12 July 2023 9:27 AM GMT
A Constitution Bench of the Supreme Court on Wednesday decided to defer for two months the hearing of a reference which raises the issue whether a person, who is ineligible to be appointed as an arbitrator, can appoint an arbitrator. The matter was listed before a bench comprising Chief Justice of India DY Chandrachud, Justice Hrishikesh Roy, Justice PS Narasimha, Justice Pankaj Mithal,...
A Constitution Bench of the Supreme Court on Wednesday decided to defer for two months the hearing of a reference which raises the issue whether a person, who is ineligible to be appointed as an arbitrator, can appoint an arbitrator. The matter was listed before a bench comprising Chief Justice of India DY Chandrachud, Justice Hrishikesh Roy, Justice PS Narasimha, Justice Pankaj Mithal, and Justice Manoj Misra.
At the outset, the Attorney General for India R Venkataramani, appearing for the Union Government, seeking for deferment in the matter, submitted–
"The matter could be deferred for a while till the committee gives its report. It is a consultative process."
Senior Advocate Fali Sam Nariman echoed a similar sentiment and said–
"That would be preferable because the reference by government is really on a new law to be enacted. That seems to be the memorandum of the government. So we do not know if the new law will be enacted or not".
They were referring to the sixteen-member expert committee which has been constituted by the Ministry of Law and Justice on June 14, 2023. The committee, headed by Dr. T.K. Vishwanathan, Former Secretary of the Department of Legal Affairs, is for examining the working of arbitration law in India and recommending reforms in the Arbitration and Conciliation Act, 1996. The step was taken to limit the requirement for parties to seek judicial intervention by approaching courts.

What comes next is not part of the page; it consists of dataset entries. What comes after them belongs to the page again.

Fixpoint subst_t (t : term) (x : nat) (v : term) : term :=
  match t with
  | Var y => if y == x then v else Var y
  | Ket0 => Ket0
  | Ket1 => Ket1
  | If g s1 s2 => If (subst_t g x v) (subst_s s1 x v) (subst_s s2 x v)
  | Lam y b => if y == x then Lam y b else Lam y (subst_s b x v)
  | App a c => App (subst_t a x v) (subst_t c x v)
  | Pair a c => Pair (subst_t a x v) (subst_t c x v)
  | Let y z u b => Let y z (subst_t u x v)
                     (if (y == x) || (z == x) then b else subst_s b x v)
  end
with subst_s (s : sup) (x : nat) (v : term) : sup :=
  match s with
  | STm t => STm (subst_t t x v)
  | SZero => SZero
  | SScale a s' => SScale a (subst_s s' x v)
  | SAdd s1 s2 => SAdd (subst_s s1 x v) (subst_s s2 x v)
  end.

Fixpoint smap (f : term -> term) (s : sup) : sup :=
  match s with
  | STm t => STm (f t)
  | SZero => SZero
  | SScale a s' => SScale a (smap f s')
  | SAdd s1 s2 => SAdd (smap f s1) (smap f s2)
  end.
Fixpoint sbind (f : term -> sup) (s : sup) : sup :=
  match s with
  | STm t => f t
  | SZero => SZero
  | SScale a s' => SScale a (sbind f s')
  | SAdd s1 s2 => SAdd (sbind f s1) (sbind f s2)
  end.
(* (sum_i a_i v_i , sum_j b_j w_j) := sum_{i,j} a_i b_j (v_i, w_j) *)
Definition pair_sup (v w : sup) : sup := sbind (fun a => smap (Pair a) w) v.
Definition app_sup (f : term) (v : sup) : sup := smap (App f) v.

Definition tsum (l : list (algC * term)) : sup :=
  foldr (fun p acc => SAdd (SScale p.1 (STm p.2)) acc) SZero l.
Definition ssum (l : list (algC * sup)) : sup :=
  foldr (fun p acc => SAdd (SScale p.1 p.2) acc) SZero l.

Inductive tred : term -> sup -> Prop :=
| r_if0   : forall s1 s2, tred (If Ket0 s1 s2) s1
| r_if1   : forall s1 s2, tred (If Ket1 s1 s2) s2
| r_beta  : forall x b v, bval v -> tred (App (Lam x b) v) (subst_s b x v)
| r_let   : forall x y v w b, bval v -> bval w ->
              tred (Let x y (Pair v w) b) (subst_s (subst_s b x v) y w)
| r_ifc   : forall g g' s1 s2, tred g g' -> tred (If g s1 s2) (smap (fun h => If h s1 s2) g')
| r_appR  : forall a c c', tred c c' -> tred (App a c) (smap (App a) c')
| r_appL  : forall a a' c, bval c -> tred a a' -> tred (App a c) (smap (fun h => App h c) a')
| r_pairL : forall a a' c, tred a a' -> tred (Pair a c) (smap (fun h => Pair h c) a')
| r_pairR : forall a c c', bval a -> tred c c' -> tred (Pair a c) (smap (Pair a) c')
| r_letc  : forall x y u u' b, tred u u' -> tred (Let x y u b) (smap (fun h => Let x y h b) u').

(* A superposition in canonical form  sum_i a_i t_i + sum_j b_j v_j  (terms pairwise
   distinct up to ≡, coefficients nonzero) reduces to sum_i a_i s_i + sum_j b_j v_j
   when each t_i reduces to s_i; reduction is closed under ≡. *)
Definition red (s r : sup) : Prop :=
  exists (l : list (algC * term * sup)) (m : list (algC * term)),
    sequiv s (SAdd (tsum (map (fun p => (p.1.1, p.1.2)) l)) (tsum m)) /\
    sequiv r (SAdd (ssum (map (fun p => (p.1.1, p.2)) l)) (tsum m)) /\
    (forall p, List.In p l -> tred p.1.2 p.2 /\ p.1.1 != 0) /\
    (forall p, List.In p m -> bval p.2 /\ p.1 != 0) /\
    ForallOrdPairs (fun a c => ~ teq a c) (map (fun p => p.1.2) l ++ map snd m).

Inductive reds : sup -> sup -> Prop :=
| reds_refl : forall s, reds s s
| reds_step : forall s r q, red s r -> reds r q -> reds s q.

Definition delta (t u : term) : algC :=
  if excluded_middle_informative (teq t u) then 1 else 0.
Fixpoint ipR (t : term) (w : sup) : algC :=
  match w with
  | STm u => delta t u
  | SZero => 0
  | SScale b w' => b * ipR t w'
  | SAdd w1 w2 => ipR t w1 + ipR t w2
  end.
Fixpoint ip (v w : sup) : algC :=
  match v with
  | STm t => ipR t w
  | SZero => 0
  | SScale a v' => a^* * ip v' w
  | SAdd v1 v2 => ip v1 w + ip v2 w
  end.

Definition cvalue (s : sup) : Prop :=
  exists s', sequiv s s' /\ closed_s s' /\ syn_value s'.
Definition S1 (s : sup) : Prop := cvalue s /\ `|ip s s| ^+ 2 = 1.

Definition flat (S : sup -> Prop) (b : term) : Prop :=
  exists v, S v /\ bval b /\ ip (STm b) v != 0.
Definition span (S : sup -> Prop) (s : sup) : Prop :=
  exists l : list (algC * sup), (forall p, List.In p l -> S p.2) /\ sequiv s (ssum l).

Definition realizes (t : sup) (S : sup -> Prop) : Prop :=
  exists v v', reds t v /\ sequiv v v' /\ S v'.

Inductive ty : Type :=
| TVar    : nat -> ty
| TLin    : ty -> ty -> ty
| TArr    : ty -> ty -> ty
| TProd   : ty -> ty -> ty
| TBool   : ty
| TSharp  : ty -> ty
| TPar    : ty -> ty
| TForall : nat -> ty -> ty.

Definition env := nat -> sup -> Prop.
Definition env0 : env := fun _ _ => False.
Definition upd (tau : env) (X : nat) (R : sup -> Prop) : env :=
  fun Y => if Y == X then R else tau Y.

Fixpoint sem (A : ty) (tau : env) : sup -> Prop :=
  match A with
  | TVar X => tau X
  | TBool => fun s => sequiv s (STm Ket0) \/ sequiv s (STm Ket1)
  | TSharp A' => fun s => span (sem A' tau) s /\ S1 s
  | TPar A' => sem A' tau
  | TLin A1 A2 => fun s => exists x b, closed_t (Lam x b) /\ sequiv s (STm (Lam x b)) /\
        forall v, sem A1 tau v -> realizes (app_sup (Lam x b) v) (sem A2 tau)
  | TArr A1 A2 => fun s => exists x b, closed_t (Lam x b) /\ sequiv s (STm (Lam x b)) /\
        forall v, flat (sem A1 tau) v -> realizes (STm (App (Lam x b) v)) (sem A2 tau)
  | TProd A1 A2 => fun s => exists v w, sem A1 tau v /\ sem A2 tau w /\ sequiv s (pair_sup v w)
  | TForall X A' => fun s => forall R : sup -> Prop, (forall u, R u -> S1 u) ->
        sem A' (upd tau X R) s
  end.

(* B^1 = B, B^(m+1) = B x B^m  (the value at m = 0 is irrelevant) *)
Fixpoint tyBn (m : nat) : ty :=
  match m with
  | 0 => TBool
  | S m' => match m' with
            | 0 => TBool
            | S _ => TProd TBool (tyBn m')
            end
  end.

From Stdlib Require Import Classical ClassicalEpsilon List.
From mathcomp Require Import all_boot all_order all_algebra all_field.
From mathcomp Require Import zify ring.
Set Implicit Arguments. Unset Strict Implicit. Unset Printing Implicit Defensive.
Import Order.TTheory GRing.Theory Num.Theory.
Local Open Scope ring_scope.

(* Reduction is deterministic and linear, so a realizer L of the type sends the
   basis kets |i> to eventual outputs o_i and every unit superposition
   sum_i y_i |i> to the corresponding superposition of the o_i.  Reading off the
   coefficients of the |a>|b> in the o_i gives 2^(n+k) matrices c_i of size
   2^n x 2^k such that every unit combination sum_i y_i c_i is a product u w^T
   with u, w nonzero.  Such combinations are then never zero, so the linear map
   y |-> sum_i y_i c_i is injective between spaces of equal dimension, hence
   onto; but a preimage of the entangled matrix |00> + |11>, once normalised,
   would have to be a product, which its nonvanishing 2x2 minor forbids. *)

(** * Unit superpositions of matrices that are all of rank one *)

Definition rank_one (R : nzRingType) (P Q : nat) (M : 'M[R]_(P, Q)) :=
  exists (u : 'cV_P) (w : 'rV_Q), [/\ u != 0, w != 0 & M = u *m w].

Lemma col_mul_row_neq0 (R : idomainType) (P Q : nat) (u : 'cV[R]_P) (w : 'rV_Q) :
  u != 0 -> w != 0 -> u *m w != 0.
Proof.
case/cV0Pn => i ui; case/rV0Pn => j wj; apply/matrix0Pn; exists i, j.
by rewrite !mxE big_ord1 mulf_neq0.
Qed.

Upon the requests of deferment, CJI DY Chandrachud asked–
"We can defer the hearing. But what is the timeline?"
The AG responded–
"The committee should not take more than two months and I will also try to expedite the process. We will give a report back to the court as soon as deliberations are done."
The Supreme Court then agreed to defer the matter by two months. CJI DY Chandrachud, while dictating the order, said–
"We are informed that Union Govt has constituted an expert committee with a broad remit to consider the provisions of the Arbitration and Conciliation Act, 1996. The Attorney General submits that the issues which have been raised before constitution bench will also come within the remit of the committee. After report of the committee, the government will take a considered view on whether the modification of legislation is warranted. Mr Fali S Nariman has also joined in and made the same submission as has the other party. Hence, presently we direct that the two references before the Constitution bench be deferred by a period of two months. The court shall be apprised on the next date of the progress which has been made following the constitution of the committee. List on September 13, 2023."
The references arise in the cases Central Organisation for Railway Electrification v. M/s ECI SPIC SMO MCML (JV) A Joint Venture Company and JSW Steel Limited v. South Western Railway & Anr. The issue involved in the matter is whether a person, who is ineligible to be appointed as an arbitrator, can appoint an arbitrator.
In 2017, in the case of TRF Ltd. v Energo Engineering Projects Ltd, the Supreme Court had first held that a person ineligible to be an arbitrator cannot nominate a person to be an arbitrator. A similar conclusion was reached by the Apex Court in Perkins Eastman Architects DPC v HSCC (India) Ltd in 2020. However, in the case of Central Organisation For Railway Electrification v ECL-SPIC-SMO-MCML (JV), (2020) the Supreme Court permitted the appointment by an ineligible person as arbitrator on grounds that the facts of Energo Engineering and Perkins Eastmen did not apply to the case at hand. This judgement was relied upon by the Karnataka High Court. However, the same was appealed against before the Apex Court.
In 2021, a 3-judge bench led by Justice Nariman doubted the view in Central Organisation for Railway Electrification and referred the issue to a larger bench in the case Union of India vs Tantia Constructions.
Later, a 3-judge bench led by the then CJI UU Lalit also referred the issue to a larger bench in JSW Steel Limited v. South Western Railway & Anr.